People have shaped most of terrestrial nature for at least 12,000 years.
Erle C EllisNicolas GauthierKees Klein GoldewijkRebecca Bliege BirdNicole BoivinSandra DíazDorian Q FullerJacquelyn L GillJed O KaplanNaomi KingstonHarvey LockeCrystal N H McMichaelDarren RancoTorben C RickM Rebecca ShawLucas StephensJens-Christian SvenningJames E M WatsonPublished in: Proceedings of the National Academy of Sciences of the United States of America (2021)
Archaeological and paleoecological evidence shows that by 10,000 BCE, all human societies employed varying degrees of ecologically transformative land use practices, including burning, hunting, species propagation, domestication, cultivation, and others that have left long-term legacies across the terrestrial biosphere. Yet, a lingering paradigm among natural scientists, conservationists, and policymakers is that human transformation of terrestrial nature is mostly recent and inherently destructive. Here, we use the most up-to-date, spatially explicit global reconstruction of historical human populations and land use to show that this paradigm is likely wrong.

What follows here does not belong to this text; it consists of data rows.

(* Let $M,K,T$ be positive integers, $P_{\max}>0$, and fix a device index $k\in\{1,\dots,K\}$ with constants $\sigma_k^2>0$, $\delta_k^2>0$, $\omega_k^2>0$ and a power-splitting ratio $\rho_k\in(0,1]$. Let $\hat{\mathbf H}=[\hat{\bm h}_1,\dots,\hat{\bm h}_K]\in\mathbb C^{M\times K}$ be a random matrix with $\mathbb E[\|\hat{\bm h}_k\|^2]<\infty$, and let $\bm\phi_k\sim\mathcal{CN}(0,\omega_k^2\mathbf I_M)$ be independent of $\hat{\mathbf H}$; set $\bm h_k=\hat{\bm h}_k+\bm\phi_k$. Let $\bm\Theta$ be a (measurable) beamforming policy, i.e. a map $\hat{\mathbf H}\mapsto \mathbf F(\hat{\mathbf H})=[\bm f_1,\dots,\bm f_K]\in\mathbb C^{M\times K}$ with $\mathrm{Tr}(\mathbf F\mathbf F^H)\le P_{\max}$ for every $\hat{\mathbf H}$. Define the SINR \[ \Gamma_k=\frac{\rho_k|\bm h_k^H\bm f_k|^2}{\rho_k\big(\sum_{m\neq k}|\bm h_k^H\bm f_m|^2+\sigma_k^2\big)+\delta_k^2}, \] the quantity $\overline r_k(\rho_k,\bm\Theta)=\mathbb E_{\hat{\mathbf H},\bm\phi_k}[\log_2(1+\Gamma_k)]$, and the ergodic rate \[ \hat r_k^\circ(\rho_k,\bm\Theta)=\overline r_k(\rho_k,\bm\Theta)-\frac1T\sum_{m=1}^K\log_2\!\Big(1+\frac{T}{\rho_k\sigma_k^2+\delta_k^2}\,\mathrm{Var}(\bm h_k^H\bm f_m)\Big), \] where $\mathrm{Var}(X)=\mathbb E|X-\mathbb E X|^2$ is taken over the joint distribution of $(\hat{\mathbf H},\bm\phi_k)$. Then \[ \overline r_k(\rho_k,\bm\Theta)-\frac1T\sum_{m=1}^K\log_2\!\Big(1+\frac{TP_{\max}}{\delta_k^2}\,\mathbb E_{\hat{\mathbf H},\bm\phi_k}\big[\|\hat{\bm h}_k+\bm\phi_k\|^2\big]\Big)\;\le\;\hat r_k^\circ(\rho_k,\bm\Theta)\;\le\;\overline r_k(\rho_k,\bm\Theta). \]
   Context: Setting: downlink of a multi-antenna base station with $M$ antennas serving $K$ single-antenna devices; $\bm f_m$ is the beamformer for device $m$, $\rho_k$ is the fraction of received power sent to the information decoder of device $k$, $\sigma_k^2$ is the antenna noise variance, $\delta_k^2$ is the decoder noise variance, $\hat{\bm h}_k$ is the estimated channel and $\bm\phi_k$ the channel estimation error, $T$ is the channel coherence length. $\mathcal{CN}(0,\omega_k^2\mathbf I_M)$ denotes the circularly symmetric complex Gaussian distribution. *)

From HB Require Import structures.
From mathcomp Require Import all_boot all_order all_algebra.
From mathcomp Require Import all_classical all_reals all_analysis.
From mathcomp Require Import complex.
Set Implicit Arguments. Unset Strict Implicit. Unset Printing Implicit Defensive.
Import Order.TTheory GRing.Theory Num.Theory.
Local Open Scope classical_set_scope.
Local Open Scope ring_scope.

Section defs.
Variable R : realType.

Definition log2 (x : R) : R := ln x / ln 2.

Definition csq (z : R[i]) : R := complex.Re z ^+ 2 + complex.Im z ^+ 2.

Definition cinner (M : nat) (h f : 'I_M -> R[i]) : R[i] :=
  \sum_(i < M) conjc (h i) * f i.

Definition vnorm2 (M : nat) (h : 'I_M -> R[i]) : R := \sum_(i < M) csq (h i).

Definition herm (M K : nat) (F : 'M[R[i]]_(M, K)) : 'M[R[i]]_(K, M) :=
  (map_mx conjc F)^T.

Variables (d : measure_display) (Omega : measurableType d)
          (P : probability Omega R).

(* real expectation (the integral is shown finite in all uses) *)
Definition Ex (X : Omega -> R) : R := Rintegral P setT X.

Definition cEx (X : Omega -> R[i]) : R[i] :=
  Complex (Ex (fun w => complex.Re (X w))) (Ex (fun w => complex.Im (X w))).

Definition cVar (X : Omega -> R[i]) : R := Ex (fun w => csq (X w - cEx X)).

Definition cmeasurable (X : Omega -> R[i]) : Prop :=
  measurable_fun setT (fun w => complex.Re (X w)) /\
  measurable_fun setT (fun w => complex.Im (X w)).

(* Hhat (M x K complex random matrix) and phi (complex random M-vector) are
   independent and phi ~ CN(0, omega2 I_M), i.e. the 2M real coordinates of
   phi are i.i.d. N(0, omega2/2).  Stated on the generating pi-system of
   measurable rectangles in all real coordinates. *)
Definition indep_CN_noise (M K : nat) (omega2 : R)
    (Hhat : Omega -> 'M[R[i]]_(M, K)) (phi : Omega -> 'I_M -> R[i]) : Prop :=
  forall (A B : 'I_M -> 'I_K -> set R) (C D : 'I_M -> set R),
    (forall i j, measurable (A i j)) -> (forall i j, measurable (B i j)) ->
    (forall i, measurable (C i)) -> (forall i, measurable (D i)) ->
    P ([set w | forall i j, A i j (complex.Re (Hhat w i j)) /\
                            B i j (complex.Im (Hhat w i j))] `&`
       [set w | forall i, C i (complex.Re (phi w i)) /\
                          D i (complex.Im (phi w i))]) =
    (P [set w | forall i j, A i j (complex.Re (Hhat w i j)) /\
                            B i j (complex.Im (Hhat w i j))] *
     \prod_(i < M) (normal_prob 0 (Num.sqrt (omega2 / 2)) (C i) *
                    normal_prob 0 (Num.sqrt (omega2 / 2)) (D i)))%E.

End defs.

(* The upper bound holds because every variance is nonnegative, so each
   logarithmic penalty is nonnegative.  For the lower bound, the variance of
   the effective gain g_m = h_k^H f_m is at most its second moment E|g_m|^2;
   by Cauchy-Schwarz and the power constraint ||f_m||^2 <= Tr(F F^H) <= Pmax
   this is at most Pmax E||h_k||^2, and T / (rho sigma^2 + delta^2) <=
   T / delta^2, so monotonicity of log2 compares the penalties term by term.
   All expectations involved are finite because E||h_k||^2 < oo: the
   coordinates of the circular Gaussian noise have finite second moments,
   since x^2 times a centred Gaussian density is dominated by a multiple of the
   Gaussian density with twice the variance. *)

From HB Require Import structures.
From mathcomp Require Import all_boot all_order all_algebra.
From mathcomp Require Import all_classical all_reals all_analysis.
From mathcomp Require Import complex measurable_realfun.
From mathcomp Require Import ring lra.
Set Implicit Arguments. Unset Strict Implicit. Unset Printing Implicit Defensive.
Import Order.TTheory GRing.Theory Num.Theory.
Local Open Scope classical_set_scope.
Local Open Scope ring_scope.

Section complex_vectors.
Variable R : realType.
Implicit Types (x y z : R[i]).

Lemma Re_sum (n : nat) (F : 'I_n -> R[i]) :
  complex.Re (\sum_(i < n) F i) = \sum_(i < n) complex.Re (F i).
Proof. exact: (@raddf_sum _ _ (@complex.Re R : Rcomplex R -> R)). Qed.

Lemma Im_sum (n : nat) (F : 'I_n -> R[i]) :
  complex.Im (\sum_(i < n) F i) = \sum_(i < n) complex.Im (F i).
Proof. exact: (@raddf_sum _ _ (@complex.Im R : Rcomplex R -> R)). Qed.

Lemma ReD x y : complex.Re (x + y) = complex.Re x + complex.Re y.
Proof. by case: x; case: y. Qed.

Lemma ImD x y : complex.Im (x + y) = complex.Im x + complex.Im y.
Proof. by case: x; case: y. Qed.

Lemma Re_conjcM x y :
  complex.Re (conjc x * y) = complex.Re x * complex.Re y + complex.Im x * complex.Im y.
Proof. by case: x => a b; case: y => c e /=; ring. Qed.

Lemma Im_conjcM x y :
  complex.Im (conjc x * y) = complex.Re x * complex.Im y - complex.Im x * complex.Re y.
Proof. by case: x => a b; case: y => c e /=; ring. Qed.

Lemma csqE x : csq x = complex.Re (x * conjc x).
Proof. by case: x => a b; rewrite /csq /=; ring. Qed.

Lemma csqB x y :
  csq (x - y) = (complex.Re x - complex.Re y) ^+ 2 + (complex.Im x - complex.Im y) ^+ 2.
Proof. by case: x; case: y. Qed.

Lemma csq_ge0 x : 0 <= csq x.
Proof. by rewrite /csq addr_ge0 ?sqr_ge0. Qed.

Lemma csq_eq0 x : (csq x == 0) = (x == 0).
Proof. by case: x => a b; rewrite /csq paddr_eq0 ?sqr_ge0 // !sqrf_eq0 eq_complex. Qed.

Lemma csqD_le x y : csq (x + y) <= 2 * csq x + 2 * csq y.
Proof.
case: x => a b; case: y => c e; rewrite /csq /=.
have := sqr_ge0 (a - c); have := sqr_ge0 (b - e); nra.
Qed.

Lemma vnorm2_ge0 (M : nat) (h : 'I_M -> R[i]) : 0 <= vnorm2 h.
Proof. by apply: sumr_ge0 => i _; exact: csq_ge0. Qed.

Lemma csq_cinner_le (M : nat) (h f : 'I_M -> R[i]) :
  csq (cinner h f) <= vnorm2 h * vnorm2 f.
Proof.
set z := cinner h f; set A := vnorm2 h; set B := vnorm2 f.
have [B0|B_gt0] := eqVneq B 0.
  have f0 i : f i = 0.
    by apply/eqP; rewrite -csq_eq0 (psumr_eq0P _ B0) // => j _; exact: csq_ge0.
  have -> : z = 0 by rewrite /z /cinner big1 // => i _; rewrite f0 mulr0.
  by rewrite /csq /= expr0n /= addr0 mulr_ge0 ?vnorm2_ge0.
(* Expanding [0 <= \sum_i |B h_i - conj(z) f_i|^2] gives [0 <= B (A B - |z|^2)]. *)
have expand : \sum_(i < M) csq (B%:C%C * h i - conjc z * f i) =
    B * (B * A - csq z).
  transitivity (\sum_(i < M) (B ^+ 2 * csq (h i) + csq z * csq (f i) -
                    2 * B * complex.Re (conjc z * (conjc (h i) * f i)))).
    apply: eq_bigr => i _; rewrite /csq.
    by case: z => a b; case: (h i) => c e; case: (f i) => p q /=; ring.
  rewrite !big_split /= sumrN -!mulr_sumr -Re_sum -mulr_sumr -/(cinner h f) -/z.
  by rewrite -/(vnorm2 h) -/(vnorm2 f) -/A -/B [conjc z * z]mulrC -csqE; ring.
have : 0 <= B * (B * A - csq z).
  by rewrite -expand sumr_ge0 // => i _; exact: csq_ge0.
by rewrite pmulr_rge0 ?lt_def ?B_gt0 ?vnorm2_ge0 // subr_ge0 mulrC.
Qed.

Lemma vnorm2D_le (M : nat) (h f : 'I_M -> R[i]) :
  vnorm2 (fun i => h i + f i) <= 2 * vnorm2 h + 2 * vnorm2 f.
Proof. by rewrite /vnorm2 !mulr_sumr -big_split ler_sum // => i _; exact: csqD_le. Qed.

Lemma vnorm2_col_le (M K : nat) (F : 'M[R[i]]_(M, K)) (m : 'I_K) (p : R) :
  \tr (F *m herm F) <= p%:C%C -> vnorm2 (fun i => F i m) <= p.
Proof.
rewrite lecE => /andP[_]; apply: le_trans.
rewrite /mxtrace Re_sum /vnorm2; apply: ler_sum => i _.
rewrite mxE Re_sum (bigD1 m) //= !mxE -csqE lerDl.
by apply: sumr_ge0 => j _; rewrite !mxE -csqE csq_ge0.
Qed.

End complex_vectors.

Section complex_measurability.
Context (R : realType) (d : measure_display) (Omega : measurableType d).
Implicit Types X Y : Omega -> R[i].

Lemma cmeasurableD X Y : cmeasurable X -> cmeasurable Y ->
  cmeasurable (fun w => X w + Y w).
Proof.
case=> ? ? [? ?]; split; [under eq_fun do rewrite ReD | under eq_fun do rewrite ImD];
  exact: measurable_funD.
Qed.

Lemma cmeasurable_cinner (M : nat) (h f : Omega -> 'I_M -> R[i]) :
  (forall i, cmeasurable (h^~ i)) -> (forall i, cmeasurable (f^~ i)) ->
  cmeasurable (fun w => cinner (h w) (f w)).
Proof.
move=> mh mf; rewrite /cinner; split.
- under eq_fun do rewrite Re_sum; apply: measurable_sum => i.
  under eq_fun do rewrite Re_conjcM.
  by case: (mh i) => ? ?; case: (mf i) => ? ?; apply: measurable_funD; exact: measurable_funM.
- under eq_fun do rewrite Im_sum; apply: measurable_sum => i.
  under eq_fun do rewrite Im_conjcM.
  by case: (mh i) => ? ?; case: (mf i) => ? ?; apply: measurable_funB; exact: measurable_funM.
Qed.

Lemma measurable_csq X : cmeasurable X -> measurable_fun setT (fun w => csq (X w)).
Proof. by case=> ? ?; apply: measurable_funD; exact: measurable_funX. Qed.

Lemma measurable_vnorm2 (M : nat) (h : Omega -> 'I_M -> R[i]) :
  (forall i, cmeasurable (h^~ i)) -> measurable_fun setT (fun w => vnorm2 (h w)).
Proof. by move=> mh; apply: measurable_sum => i; exact: measurable_csq. Qed.

End complex_measurability.

Section integral_density.
Local Open Scope ereal_scope.
Context (d : measure_display) (T : measurableType d) (R : realType).
Variables (mu nu : {measure set T -> \bar R}) (g : T -> R).
Hypotheses (mg : measurable_fun setT g) (g_ge0 : forall x, (0 <= g x)%R).
Hypothesis nuE : forall A, measurable A -> nu A = \int[mu]_(x in A) (g x)%:E.

Import HBNNSimple.

Let integral_density_nnsfun (h : {nnsfun T >-> R}) :
  \int[nu]_x (h x)%:E = \int[mu]_x ((h x)%:E * (g x)%:E).
Proof.
have mh r : measurable (h @^-1` [set r]).
  by rewrite -(setTI (_ @^-1` _)); exact: measurable_funP.
transitivity (\sum_(r \in range h) \int[nu]_x (r * \1_(h @^-1` [set r]) x)%:E).
  under eq_integral do rewrite fimfunE -fsumEFin//.
  rewrite ge0_integral_fsum//.
  - by move=> r; exact/measurable_EFinP/measurable_funM.
  - by move=> r x _; rewrite nnfun_muleindic_ge0.
transitivity (\sum_(r \in range h) \int[mu]_x (r * \1_(h @^-1` [set r]) x * g x)%:E).
  apply: eq_fsbigr => r /set_mem [y _ <-].
  rewrite integralZl_indic_nnsfun// integral_indic// setIT nuE//.
  rewrite integral_mkcond -ge0_integralZl_EFin//.
  - apply: eq_integral => x _; rewrite /patch /= indicE.
    by case: ifPn => _; rewrite ?mulr1 ?mulr0 ?mul0r ?mule0 -?EFinM.
  - by move=> x _; rewrite /patch; case: ifP => _ //; rewrite lee_fin.
  - apply/(measurable_restrictT _ _).1 => //.
    exact/measurable_EFinP/measurable_funTS.
rewrite -ge0_integral_fsum//.
- apply: eq_integral => x _; rewrite fsumEFin// -EFinM; congr (_%:E).
  by rewrite [h x]fimfunE mulr_fsuml.
- move=> r; apply/measurable_EFinP; apply: measurable_funM => //.
  exact: measurable_funM.
- move=> r x _; rewrite lee_fin mulr_ge0//.
  by have := nnfun_muleindic_ge0 h r x; rewrite -EFinM lee_fin.
Qed.

Lemma ge0_integral_density (f : T -> \bar R) : measurable_fun setT f ->
  (forall x, 0 <= f x) -> \int[nu]_x f x = \int[mu]_x (f x * (g x)%:E).
Proof.
move=> mf f0; pose f_ := nnsfun_approx measurableT mf.
have f_f x : (EFin \o (fun n => f_ n x)) n @[n --> \oo] --> f x.
  exact: cvg_nnsfun_approx.
have nd_f_ x m n : (m <= n)%N -> (f_ m x <= f_ n x)%R.
  by move=> mn; exact/lefP/nd_nnsfun_approx.
transitivity (limn (fun n => \int[nu]_x (f_ n x)%:E)).
  rewrite -monotone_convergence//.
  - by apply: eq_integral => x _; apply/esym/cvg_lim => //; exact: f_f.
  - by move=> n; exact/measurable_EFinP/measurable_funP.
  - by move=> n x _; rewrite lee_fin.
  - by move=> x _ m n mn; rewrite lee_fin nd_f_.
under eq_fun do rewrite integral_density_nnsfun.
rewrite -monotone_convergence//.
- apply: eq_integral => x _; apply/cvg_lim => //.
  have [->|gx0] := eqVneq (g x) 0%R.
    rewrite mule0; under eq_fun do rewrite mule0; exact: cvg_cst.
  apply: cvgeM; [|exact: f_f|exact: cvg_cst].
  have [fin|nfin] := boolP (f x \is a fin_num); first exact: mule_def_fin.
  by apply: mule_def_infty_neq0; rewrite // eqe.
- by move=> n; apply/measurable_EFinP; apply: measurable_funM.
- by move=> n x _; rewrite -EFinM lee_fin mulr_ge0.
- by move=> x _ m n mn; rewrite -!EFinM lee_fin ler_wpM2r ?nd_f_.
Qed.

End integral_density.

Even 12,000 y ago, nearly three quarters of Earth's land was inhabited and therefore shaped by human societies, including more than 95% of temperate and 90% of tropical woodlands. Lands now characterized as "natural," "intact," and "wild" generally exhibit long histories of use, as do protected areas and Indigenous lands, and current global patterns of vertebrate species richness and key biodiversity areas are more strongly associated with past patterns of land use than with present ones in regional landscapes now characterized as natural. The current biodiversity crisis can seldom be explained by the loss of uninhabited wildlands, resulting instead from the appropriation, colonization, and intensifying use of the biodiverse cultural landscapes long shaped and sustained by prior societies. Recognizing this deep cultural connection with biodiversity will therefore be essential to resolve the crisis.